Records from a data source

*****

Definition ad_skew (R : realType) (br : 'rV[R]_3 -> 'rV[R]_3 -> 'rV[R]_3)
    (G H : 'M[R]_3) (e : 'rV[R]_3) : Prop :=
  forall u v, in_sub H u -> in_sub H v ->
    bform G (br e u) v + bform G (br e v) u = 0.

Section Kundt.
Variable R : realType.
Variable br : 'rV[R]_3 -> 'rV[R]_3 -> 'rV[R]_3.
Hypothesis hbr : is_lie_bracket br.
Variables G H : 'M[R]_3.
Hypothesis hG : lorentzian G.
Hypothesis hH : codim_one H.
Hypothesis hsub : subalgebra br H.
Variable e : 'rV[R]_3.
Hypothesis ge : perp_generator G H e.

Let uG : G \in unitmx := lorentzian_unitmx hG.
Let sG : G^T = G := proj1 hG.
Let in_sub_e u : in_sub H u <-> bform G u e = 0 :=
  in_sub_perp_generator uG sG u ge.

Lemma lcprod_self_eq0_iff :
  (forall e', in_perp G H e' -> lcprod br G e' e' = 0) <-> ad_in br H e.
Proof.
have [_ pe gen] := ge; split=> [self0 x | ade e' /gen [a ->]].
  apply/in_sub_e; have := bform_lcprod hbr uG e e x.
  by rewrite self0 // bform0l koszul_self //; lra.
apply: (bform_nondeg uG) => w.
rewrite bform_lcprod // koszul_self // (brZl hbr).
by rewrite bformC // (in_perpZ a pe (scalemx_sub a (ade w))) mul0rn oppr0 mul0r.
Qed.

Lemma lcprod_stable_iff :
  (forall u v, in_sub H u -> in_sub H v -> in_sub H (lcprod br G u v)) <->
  ad_skew br G H e.
Proof.
have [_ pe _] := ge.
suff pointwise u v : in_sub H u -> in_sub H v ->
    in_sub H (lcprod br G u v) <-> bform G (br e u) v + bform G (br e v) u = 0.
  by split=> stable u v uH vH; apply/(pointwise u v uH vH); exact: stable.
move=> uH vH; have uv_e : bform G (br u v) e = 0.
  by rewrite bformC // pe //; exact: hsub.
rewrite in_sub_e bform_lcprod // /koszul uv_e add0r.
by split=> skew; lra.
Qed.

Lemma kundt_pairE :
  kundt_pair br G H <-> [/\ in_sub H e, ad_skew br G H e & ad_in br H e].
Proof.
rewrite /kundt_pair (degenerate_iff_in_sub ge).
rewrite lcprod_stable_iff lcprod_self_eq0_iff.
by split=> [[_ [_ [_ [? [? ?]]]]] | [? ? ?]].
Qed.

*****

▶ Your goal:
Word for word, give the records again.

▶ Response area:
Definition ad_skew (R : realType) (br : 'rV[R]_3 -> 'rV[R]_3 -> 'rV[R]_3)
    (G H : 'M[R]_3) (e : 'rV[R]_3) : Prop :=
  forall u v, in_sub H u -> in_sub H v ->
    bform G (br e u) v + bform G (br e v) u = 0.

Section Kundt.
Variable R : realType.
Variable br : 'rV[R]_3 -> 'rV[R]_3 -> 'rV[R]_3.
Hypothesis hbr : is_lie_bracket br.
Variables G H : 'M[R]_3.
Hypothesis hG : lorentzian G.
Hypothesis hH : codim_one H.
Hypothesis hsub : subalgebra br H.
Variable e : 'rV[R]_3.
Hypothesis ge : perp_generator G H e.

Let uG : G \in unitmx := lorentzian_unitmx hG.
Let sG : G^T = G := proj1 hG.
Let in_sub_e u : in_sub H u <-> bform G u e = 0 :=
  in_sub_perp_generator uG sG u ge.

Lemma lcprod_self_eq0_iff :
  (forall e', in_perp G H e' -> lcprod br G e' e' = 0) <-> ad_in br H e.
Proof.
have [_ pe gen] := ge; split=> [self0 x | ade e' /gen [a ->]].
  apply/in_sub_e; have := bform_lcprod hbr uG e e x.
  by rewrite self0 // bform0l koszul_self //; lra.
apply: (bform_nondeg uG) => w.
rewrite bform_lcprod // koszul_self // (brZl hbr).
by rewrite bformC // (in_perpZ a pe (scalemx_sub a (ade w))) mul0rn oppr0 mul0r.
Qed.

Lemma lcprod_stable_iff :
  (forall u v, in_sub H u -> in_sub H v -> in_sub H (lcprod br G u v)) <->
  ad_skew br G H e.
Proof.
have [_ pe _] := ge.
suff pointwise u v : in_sub H u -> in_sub H v ->
    in_sub H (lcprod br G u v) <-> bform G (br e u) v + bform G (br e v) u = 0.
  by split=> stable u v uH vH; apply/(pointwise u v uH vH); exact: stable.
move=> uH vH; have uv_e : bform G (br u v) e = 0.
  by rewrite bformC // pe //; exact: hsub.
rewrite in_sub_e bform_lcprod // /koszul uv_e add0r.
by split=> skew; lra.
Qed.

Lemma kundt_pairE :
  kundt_pair br G H <-> [/\ in_sub H e, ad_skew br G H e & ad_in br H e].
Proof.
rewrite /kundt_pair (degenerate_iff_in_sub ge).
rewrite lcprod_stable_iff lcprod_self_eq0_iff.
by split=> [[_ [_ [_ [? [? ?]]]]] | [? ? ?]].
Qed.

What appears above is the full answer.